> **WORK TO BE COMPLETED**
Copy out exactly the line that contains "rleaf _ => False" and all lines following it to the end of the data.

——————————

Lemma cycsum_delta1 (g : series K 1) u : cycsum u (delta g) = (size u)%:R * delta g u.
Proof. by apply: cycsum_const => k; rewrite !delta1E !mem_rot size_rot. Qed.

Lemma cycsum_delta2 (f : series K 2) v : cycsum v (delta f) = delta (cyc f) v.
Proof.
rewrite delta2E /cyc /cycsum !size_map !mulr_sumr -sumrB; apply: eq_bigr => k _.
by rewrite delta2E !mem_rot !map_rot.
Qed.

Lemma mem_map_I3 (f : 'I_3 -> 'I_2) a w : (a \in map f w) =
  [|| (f ord0 == a) && (ord0 \in w), (f l1 == a) && (l1 \in w)
    | (f ord_max == a) && (ord_max \in w)].
Proof.
apply/mapP/or3P => [[l l_w ->]|].
  by case: (I3_cases l) l_w => -> l_w; [apply: Or31|apply: Or32|apply: Or33];
     rewrite eqxx.
by case=> /andP[/eqP <- l_w]; eexists; eauto.
Qed.

Lemma delta_delta1 (g : series K 1) : delta (delta g) = szero.
Proof.
apply: functional_extensionality => w; rewrite delta2E !delta1E !size_map !mem_map_I3 /=.
by case: (ord0 \in w); case: (l1 \in w); case: (ord_max \in w); rewrite /szero /=; ring.
Qed.

End Faces.

Section LieElements.
Variables (K : fieldType) (n : nat).
Implicit Types (f : series K n) (v : seq 'I_n).

Lemma lie_poly_nil f : lie_poly f -> f [::] = 0.
Proof.
elim=> [i| |f1 f2 _ f1_nil _ f2_nil|c f1 _ f1_nil|f1 f2 _ f1_nil _ f2_nil] //.
- by rewrite /sadd f1_nil f2_nil addr0.
- by rewrite /sscale f1_nil mulr0.
- by rewrite /sbr /smul !big_ord1 f1_nil mul0r mulr0 subrr.
Qed.

Lemma lie_poly_cycsum f v : lie_poly f -> (2 <= size v)%N -> cycsum v f = 0.
Proof.
move=> lie_f; elim: lie_f v => [i| |f1 f2 _ IH1 _ IH2|c f1 _ IH1|f1 f2 _ _ _ _] v size_v.
- rewrite /cycsum big1 // => k _; rewrite /gen.
  by case: eqP => // rkv; move: size_v; rewrite -(size_rot k v) rkv.
- by rewrite /cycsum big1.
- by rewrite cycsum_add IH1 // IH2 // addr0.
- by rewrite cycsum_scale IH1 // mulr0.
- exact: cycsum_comm.
Qed.
Lemma qle_trans (S T U : qcar) : qle S T -> qle T U -> qle S U.
Proof.
case: S => S HS; case: T => T HT; case: U => U HU; rewrite /qle /=.
case: (HT) => t Ht'; rewrite Ht' /qclass.
move=> [a [b [Ha [[Hb1 Hb2] Hab]]]] [b' [c [[Hb'1 Hb'2] [Hc Hbc]]]].
exists a, c; do !split => //.
apply: (Rt Hab); apply: (Rt Hb2); apply: (Rt Hb'1); exact: Hbc.
Qed.

Lemma qle_antisym (S T : qcar) : qle S T -> qle T S -> S = T.
Proof.
case: S => S [s HS]; case: T => T [t HT] /=; subst S T.
move=> [a [b [[Hsa Has] [[Htb Hbt] Hab]]]] [b' [a' [[Htb' Hbt'] [[Hsa' Has'] Hba]]]].
have st : R s t by apply: (Rt Hsa); apply: (Rt Hab).
have ts : R t s by apply: (Rt Htb'); apply: (Rt Hba).
have E : qclass s = qclass t.
  apply: functional_extensionality => x; apply: propositional_extensionality.
  rewrite /qclass; split=> [[h1 h2]|[h1 h2]]; split.
  - exact: Rt ts h1.
  - exact: Rt h2 st.
  - exact: Rt st h1.
  - exact: Rt h2 ts.
apply: eq_sig_hprop => /=; last exact: E.
by move=> ? ? ?; apply: proof_irrelevance.
Qed.

Definition quotPO : PO := @mkPO qcar qle qle_refl qle_trans qle_antisym.
End Quot.

(*   Terms circ(a, sigma) are encoded by raw trees                     *)
(*   rnode n P sigma c, where c : 'I_n -> raw enumerates the set a,    *)
(*   P is the (finite) partial order on the indices induced from a and *)
(*   sigma : W(P) corresponds to sigma_0 in W(a).  Raw trees that      *)
(*   differ only by re-indexing are identified by a quotient.          *)

Section TW.
Variables (W : PO_dilator) (X : PO).

Inductive raw : Type :=
| rleaf : X -> raw
| rnode : forall (n : nat) (P : finPO n), W (PO_of_fin P) -> ('I_n -> raw) -> raw.

Fixpoint rlen (r : raw) : nat :=
  match r with
  | rleaf _ => 0
  | rnode n P s c => (\sum_(i < n) (rlen (c i)).*2).+1
  end.

Definition rval (n m : nat) (c : 'I_n -> raw) (d : 'I_m -> raw) (u : 'I_n + 'I_m) : raw :=
  match u with inl i => c i | inr j => d j end.

Fixpoint rleq_f (k : nat) (s t : raw) {struct k} : Prop :=
  match k with
  | 0 => False
  | k'.+1 =>
    match s, t with
    | rleaf x, rleaf y => ple x y
    | rleaf _, rnode m Q tau d => exists j, rleq_f k' s (d j)
    | rnode _ _ _ _, rleaf _ => False
    | rnode n P sig c, rnode m Q tau d =>
        (exists j, rleq_f k' s (d j))
        \/
        (let R := fun u v => rleq_f k' (rval c d u) (rval c d v) in
         exists (Hr : forall u, R u u)
                (Ht : forall u v w, R u v -> R v w -> R u w)
                (fa : qemb (PO_of_fin P) (quotPO Hr Ht))
                (fb : qemb (PO_of_fin Q) (quotPO Hr Ht)),
           (forall i, proj1_sig (fa i) = qclass R (inl i)) /\
           (forall j, proj1_sig (fb j) = qclass R (inr j)) /\
           ple (Wmor W fa sig) (Wmor W fb tau))
    end
  end.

——————————

> **ANSWER TO THIS TASK**
    | rnode _ _ _ _, rleaf _ => False
    | rnode n P sig c, rnode m Q tau d =>
        (exists j, rleq_f k' s (d j))
        \/
        (let R := fun u v => rleq_f k' (rval c d u) (rval c d v) in
         exists (Hr : forall u, R u u)
                (Ht : forall u v w, R u v -> R v w -> R u w)
                (fa : qemb (PO_of_fin P) (quotPO Hr Ht))
                (fb : qemb (PO_of_fin Q) (quotPO Hr Ht)),
           (forall i, proj1_sig (fa i) = qclass R (inl i)) /\
           (forall j, proj1_sig (fb j) = qclass R (inr j)) /\
           ple (Wmor W fa sig) (Wmor W fb tau))
    end
  end.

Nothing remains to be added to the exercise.